The first half figures were released almost three months ago, and the housebuilder declared an interim dividend of 40p. Keep in mind the full year pay-out last year was 125p. When comparing the two, the interim payment seems relatively small but it is of large significance because it projects an image of confidence. In the six month period, the number of house completions dropped by 35%, which is hardly surprising given the lockdown, but forward sales jumped by 20%.
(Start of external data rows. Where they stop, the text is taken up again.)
Definition tpinv p : ftype L := fun phi =>
  exists M (a b : nat -> M), is_model M T /\ enumeration a /\ enumeration b /\
    p = tp2 M a b /\ tp2 M b a phi.

Notation src := (src tpmul tpinv).
Notation tgt := (tgt tpmul tpinv).
Notation composable := (composable (G0 T) tpmul tpinv).

Lemma G0_tp2 M (a b : nat -> M) :
  is_model M T -> enumeration a -> enumeration b -> G0 T (tp2 M a b).
Proof. by move=> HM Ea Eb; exists M, a, b. Qed.

Lemma tpmul_tp2 M (a b c : nat -> M) : is_model M T ->
  enumeration a -> enumeration b -> enumeration c ->
  tpmul (tp2 M a b) (tp2 M b c) = tp2 M a c.
Proof.
move=> HM Ea Eb Ec; apply: functional_extensionality => phi.
apply: propositional_extensionality; split; last by move=> H; exists M, a, b, c.
case=> M' [a' [b' [c' [_ [Ea' [_ [_ [Eab [Ebc Hphi]]]]]]]]].
have [h [Hh [Ha Hb]]] := tp2_transport Ea Ea' Eab; subst a b.
rewrite (tp2_iso b' c' Hh) in Ebc; rewrite (tp2_iso a' c' Hh) in Hphi.
by rewrite (tp2_injr Eb Ebc).
Qed.

Lemma tpinv_tp2 M (a b : nat -> M) : is_model M T ->
  enumeration a -> enumeration b -> tpinv (tp2 M a b) = tp2 M b a.
Proof.
move=> HM Ea Eb; apply: functional_extensionality => phi.
apply: propositional_extensionality; split; last by move=> H; exists M, a, b.
case=> M' [a' [b' [_ [Ea' [_ [Eab Hphi]]]]]].
have [h [Hh [Ha Hb]]] := tp2_transport Ea Ea' Eab; subst a b.
by rewrite (tp2_iso _ _ Hh) in Hphi.
Qed.

Lemma src_tp2 M (a b : nat -> M) : is_model M T ->
  enumeration a -> enumeration b -> src (tp2 M a b) = tp2 M b b.
Proof. by move=> HM Ea Eb; rewrite /Defs.src tpinv_tp2 // tpmul_tp2. Qed.

Lemma tgt_tp2 M (a b : nat -> M) : is_model M T ->
  enumeration a -> enumeration b -> tgt (tp2 M a b) = tp2 M a a.
Proof. by move=> HM Ea Eb; rewrite /Defs.tgt tpinv_tp2 // tpmul_tp2. Qed.

Lemma composable_tp2 {g h} : composable g h ->
  exists M (a b c : nat -> M), is_model M T /\
    enumeration a /\ enumeration b /\ enumeration c /\ g = tp2 M a b /\ h = tp2 M b c.
Proof.
case=> [[M [a [b [HM [Ea [Eb ->]]]]]] [[M' [b' [c' [HM' [Eb' [Ec' ->]]]]]]]].
rewrite src_tp2 // tgt_tp2 // => Ebb.
have [k [Hk [Hb _]]] := tp2_transport Eb Eb' Ebb.
exists M, a, b, (k \o c'); do !split=> //; first exact: enumeration_iso.
by rewrite (tp2_iso _ _ Hk) Hb.
Qed.

Lemma B0_tp2 M (b : nat -> M) : is_model M T -> enumeration b -> B0 T (tp2 M b b).
Proof.
by move=> HM Eb; split=> [|i]; [apply: G0_tp2 | rewrite /tp2 /= pairseq_even pairseq_odd].
Qed.

Lemma B0_diag {u} : B0 T u ->
  exists M (b : nat -> M), is_model M T /\ enumeration b /\ u = tp2 M b b.
Proof.
case=> -[M [a [b [HM [Ea [Eb ->]]]]]] Hdiag; exists M, b; do 2!split=> //.
suff -> : a = b by [].
apply: functional_extensionality => i.
by have := Hdiag i; rewrite /tp2 /= pairseq_even pairseq_odd.
Qed.

Lemma G0_groupoid : is_groupoid (G0 T) (B0 T) tpmul tpinv.
Proof.
split; first by move=> u [].
split; first by move=> g [M [a [b [HM [Ea [Eb ->]]]]]]; rewrite tpinv_tp2 //; apply: G0_tp2.
split.
  move=> g h /composable_tp2 [M [a [b [c [HM [Ea [Eb [Ec [-> ->]]]]]]]]].
  by rewrite tpmul_tp2 //; apply: G0_tp2.
split.
  move=> g [M [a [b [HM [Ea [Eb ->]]]]]].
  by rewrite src_tp2 // tgt_tp2 //; split; apply: B0_tp2.
split; first by move=> u /B0_diag [M [b [HM [Eb ->]]]]; rewrite src_tp2 // tgt_tp2.
split; first by move=> g [M [a [b [HM [Ea [Eb ->]]]]]]; rewrite !tpinv_tp2.
split; first by move=> g [M [a [b [HM [Ea [Eb ->]]]]]]; rewrite src_tp2 // tgt_tp2 // !tpmul_tp2.
split.
  move=> g h /composable_tp2 [M [a [b [c [HM [Ea [Eb [Ec [-> ->]]]]]]]]].
  by rewrite tpmul_tp2 // !src_tp2 // !tgt_tp2.
move=> g h k /composable_tp2 [M [a [b [c [HM [Ea [Eb [Ec [-> ->]]]]]]]]].
move=> /composable_tp2 [M' [b' [c' [d' [_ [Eb' [_ [Ed' [Ebc ->]]]]]]]]].
have [j [Hj [Hb Hc]]] := tp2_transport Eb Eb' Ebc; subst b c.
have Ed := enumeration_iso Hj Ed'.
by rewrite (tp2_iso _ _ Hj) !tpmul_tp2.
Qed.

End Groupoid.

Section Topology.
Context {L : language} (T : theory L).
Implicit Types (M : structure L) (S : ftype L -> Prop).

Notation src := (src (tpmul T) (tpinv T)).
Notation tgt := (tgt (tpmul T) (tpinv T)).
Notation composable := (composable (G0 T) (tpmul T) (tpinv T)).

Lemma tp2_rename M (a b : nat -> M) rho phi :
  tp2 M a b (rename rho phi) <-> sat M (pairseq a b \o rho) phi.
Proof. exact: sat_rename. Qed.

Lemma tp2_eq_free_x M (a a' b : nat -> M) phi :
  (forall i, i < fbound phi -> a i = a' i) -> tp2 M a b phi -> tp2 M a' b phi.
Proof.
move=> Haa'; apply: (proj1 (eq_sat_free _ _ _ _ _)); apply: parity_ind => i Hi.
  rewrite !pairseq_even Haa' //; have := fbound_free Hi; lia.
by rewrite !pairseq_odd.
Qed.

Lemma continuous_on_rename rho S S' (F : ftype L -> ftype L) :
  (forall p, S p -> S' (F p)) ->
  (forall p, S p -> forall phi, F p phi <-> p (rename rho phi)) ->
  continuous_on S S' F.
Proof.
move=> SF HF; split=> // U [US' Ubasic]; split=> [p []//|p [Sp Up]].
have [phi [Hphi HU]] := Ubasic _ Up.
exists (rename rho phi); split; first by rewrite -HF.
by move=> q Sq Hq; split=> //; apply: HU; [apply: SF | rewrite HF].
Qed.

Lemma continuous_tpinv : continuous_on (G0 T) (G0 T) (tpinv T).
Proof.
apply: (continuous_on_rename swap_xy).
  by move=> g Gg; have [_ [+ _]] := G0_groupoid T; apply.
move=> g [M [a [b [HM [Ea [Eb ->]]]]]] phi.
by rewrite tpinv_tp2 // tp2_rename pairseq_swap_xy.
Qed.

Lemma continuous_src : continuous_on (G0 T) (B0 T) src.
Proof.
apply: (continuous_on_rename copy_y).
  by move=> g Gg; have [_ [_ [_ [+ _]]]] := G0_groupoid T; case/(_ g Gg).
move=> g [M [a [b [HM [Ea [Eb ->]]]]]] phi.
by rewrite src_tp2 // tp2_rename pairseq_copy_y.
Qed.

Lemma continuous_tgt : continuous_on (G0 T) (B0 T) tgt.
Proof.
apply: (continuous_on_rename copy_x).
  by move=> g Gg; have [_ [_ [_ [+ _]]]] := G0_groupoid T; case/(_ g Gg).
move=> g [M [a [b [HM [Ea [Eb ->]]]]]] phi.
by rewrite tgt_tp2 // tp2_rename pairseq_copy_x.
Qed.

Lemma continuous_tpmul U : lopen (G0 T) U ->
  lopen2 composable (fun g h => composable g h /\ U (tpmul T g h)).
Proof.
move=> [UG Ubasic]; split=> [g h []//|g h [Hgh Ugh]].
have [M [a [b [c [HM [Ea [Eb [Ec [Eg Eh]]]]]]]]] := composable_tp2 T Hgh; subst g h.
rewrite tpmul_tp2 // in Ugh; have [phi [Hphi HU]] := Ubasic _ Ugh.
have [sigma Hsigma] := enumeration_factor a Eb.
exists (bigfand (fun i : 'I_(fbound phi) => fequ (tvar i.*2) (tvar (sigma i).*2.+1))).
exists (rename (reindex_x sigma) phi); split; [|split].
- by apply/sat_bigfand => i /=; rewrite pairseq_even pairseq_odd -Hsigma.
- by rewrite tp2_rename pairseq_reindex_x Hsigma.
- move=> g' h' Hgh' Hg' Hh'; split=> //.
  have [M' [a' [b' [c' [HM' [Ea' [Eb' [Ec' [Eg Eh]]]]]]]]] := composable_tp2 T Hgh'.
  subst g' h'.
  rewrite tpmul_tp2 //; apply: HU; first exact: G0_tp2.
  move: Hh'; rewrite tp2_rename pairseq_reindex_x; apply: tp2_eq_free_x => i Hi.
  by have /sat_bigfand/(_ (Ordinal Hi)) := Hg'; rewrite /= pairseq_even pairseq_odd.
Qed.

Lemma open_src U : lopen (G0 T) U -> lopen (B0 T) (fun u => exists g, U g /\ src g = u).
Proof.
move=> [UG Ubasic]; split=> [_ [g [Ug <-]]|_ [g [Ug <-]]].
  by have [_ [_ [_ [+ _]]]] := G0_groupoid T; case/(_ g (UG g Ug)).
have [M [a [b [HM [Ea [Eb Eg]]]]]] := UG g Ug; subst g.
have [phi [Hphi HU]] := Ubasic _ Ug.
have [sigma Hsigma] := enumeration_factor a Eb.
exists (rename (reindex_x sigma) phi); split.
  by rewrite src_tp2 // tp2_rename pairseq_reindex_x Hsigma.
move=> _ /(B0_diag T) [M' [b' [HM' [Eb' ->]]]].
rewrite tp2_rename pairseq_reindex_x => Hphi'.
pose a' i := if i < fbound phi then b' (sigma i) else b' (i - fbound phi).
have Ea' : enumeration a' := enumeration_prefix (b' \o sigma) (fbound phi) Eb'.
exists (tp2 M' a' b'); split; last by rewrite src_tp2.
apply: HU; first exact: G0_tp2.
by move: Hphi'; apply: tp2_eq_free_x => i Hi; rewrite /a' Hi.
Qed.

Lemma G0_open_topological_groupoid :
  is_open_topological_groupoid (G0 T) (B0 T) (tpmul T) (tpinv T).
Proof.
split; last exact: open_src.
split; first exact: G0_groupoid.
split; first exact: continuous_tpinv.
split; first exact: continuous_src.
split; first exact: continuous_tgt.
exact: continuous_tpmul.
Qed.

End Topology.

Definition entails {L : language} (T : theory L) (phi psi : formula L) : Prop :=
  forall M : structure L, is_model M T -> forall v : nat -> M, sat M v phi -> sat M v psi.

Section HenkinModel.
Context {L : language} (T : theory L) (l : ftype L).
Hypothesis T_sentences : forall phi, T phi -> sentence phi.
Hypothesis l_neg : forall phi, l (fneg phi) <-> ~ l phi.
Hypothesis l_and : forall phi psi, l (fand phi psi) <-> l phi /\ l psi.
Hypothesis l_entails : forall phi psi, entails T phi psi -> l phi -> l psi.
(* Witnesses among the [x_i] and among the [y_i] make both halves of the canonical
   valuation of the term model enumerations. *)
Hypothesis l_witness : forall n psi, l (fex n psi) ->
  (exists i, l (rename (upd id n i.*2) psi)) /\ (exists j, l (rename (upd id n j.*2.+1) psi)).

Lemma l_true : l ftrue.
Proof.
by case: (classic (l ftrue)) => // /l_neg; apply: l_entails => M _ v _; apply: erefl.
Qed.

Lemma l_valid phi : entails T ftrue phi -> l phi.
Proof. by move/l_entails; apply; apply: l_true. Qed.

Lemma l_entails2 phi psi chi :
  (forall M : structure L, is_model M T -> forall v : nat -> M,
     sat M v phi -> sat M v psi -> sat M v chi) ->
  l phi -> l psi -> l chi.
Proof.
move=> Himp Hphi Hpsi; apply: (l_entails (fand phi psi)); last by apply/l_and.
by move=> M HM v []; apply: Himp.
Qed.

Lemma l_equiv phi psi :
  (forall (M : structure L) (v : nat -> M), sat M v phi <-> sat M v psi) ->
  (l phi <-> l psi).
Proof. by move=> Heq; split; apply: l_entails => M _ v /Heq. Qed.

Lemma l_bigfand n (F : 'I_n -> formula L) : l (bigfand F) <-> forall i, l (F i).
Proof. exact: (bigfand_ind _ F l_true l_and). Qed.

Definition leqv i j : Prop := l (fequ (tvar i) (tvar j)).

Lemma leqv_refl i : leqv i i.
Proof. by apply: l_valid. Qed.

Lemma leqv_sym {i j} : leqv i j -> leqv j i.
Proof. by apply: l_entails => M _ v /=. Qed.

Lemma leqv_trans {i j k} : leqv i j -> leqv j k -> leqv i k.
Proof. by apply: l_entails2 => M _ v /= -> ->. Qed.

Definition leqv_class (k : nat) : nat -> Prop := leqv^~ k.

Definition henkin_dom : Type := {X : nat -> Prop | exists k, X = leqv_class k}.

Definition cl (k : nat) : henkin_dom := exist _ (leqv_class k) (ex_intro _ k erefl).

Lemma cl_eq i j : cl i = cl j <-> leqv i j.
Proof.
split=> [/(f_equal (@proj1_sig _ _)) /(equal_f^~ i) /= Ei|Hij].
  by move: Ei; rewrite /leqv_class => <-; apply: leqv_refl.
suff Ecl : leqv_class i = leqv_class j.
  by apply: eq_exist_uncurried; exists Ecl; apply: proof_irrelevance.
apply: functional_extensionality => k; apply: propositional_extensionality.
rewrite /leqv_class; split=> Hk.
- exact: leqv_trans Hk Hij.
- exact: leqv_trans Hk (leqv_sym Hij).
Qed.

Definition rep (d : henkin_dom) : nat :=
  proj1_sig (constructive_indefinite_description _ (proj2_sig d)).

Lemma repK d : cl (rep d) = d.
Proof.
rewrite /rep; case: (constructive_indefinite_description _ _) => k Ek.
case: d Ek => X HX /= Ek; subst X.
by apply: eq_exist_uncurried; exists erefl; apply: proof_irrelevance.
Qed.

Lemma l_name_term t :
  (exists i, l (fequ (tvar i.*2) t)) /\ (exists j, l (fequ (tvar j.*2.+1) t)).
Proof.
pose B := tbound t.
have teval_upd (M : structure L) (v : nat -> M) m : teval M (upd v B m) t = teval M v t.
  by apply: eq_teval_free => k /tbound_free Hk; rewrite /upd ltn_eqF.
have Hex : l (fex B (fequ (tvar B) t)).
  by apply: l_valid => M _ v _ /=; exists (teval M v t); rewrite /upd eqxx teval_upd.
have named k : l (rename (upd id B k) (fequ (tvar B) t)) -> l (fequ (tvar k) t).
  by apply: l_entails => M _ v; rewrite sat_rename comp_upd /= teval_upd /upd eqxx.
by have [[i Hi] [j Hj]] := l_witness _ _ Hex; split; [exists i | exists j]; apply: named.
Qed.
Just before the pandemic took hold, the Persimmon share price set a record high, but then it dropped by almost 60% during the subsequent sell off. When the company posted its first half numbers in August, the stock hit a five month high. For over one week, the Persimmon share price has been driving higher and if the bullish trend continues it should target the 3,000p area. A pullback might encounter support at the 200-day moving average at 2,447p.

The Taylor Wimpey (LON:TW) share price surged yesterday on the back of its bullish trading statement. The company announced that it expects its full year operating profit for 2021 to be at the upend end of market expectations. In addition to that, it stated that completions for 2021 should be between 85% and 90% of the 2019 level. The company expects to invest significantly in land over the next 12 months, and that the company is bullish in its outlook. In February, Taylor Wimpey’s share price hit its highest level since 2007, but when the health crisis kicked-in, it sold off aggressively. Even though it has been pushing higher lately, it would still need to rally over 60% from its current levels to re-test the highs of February.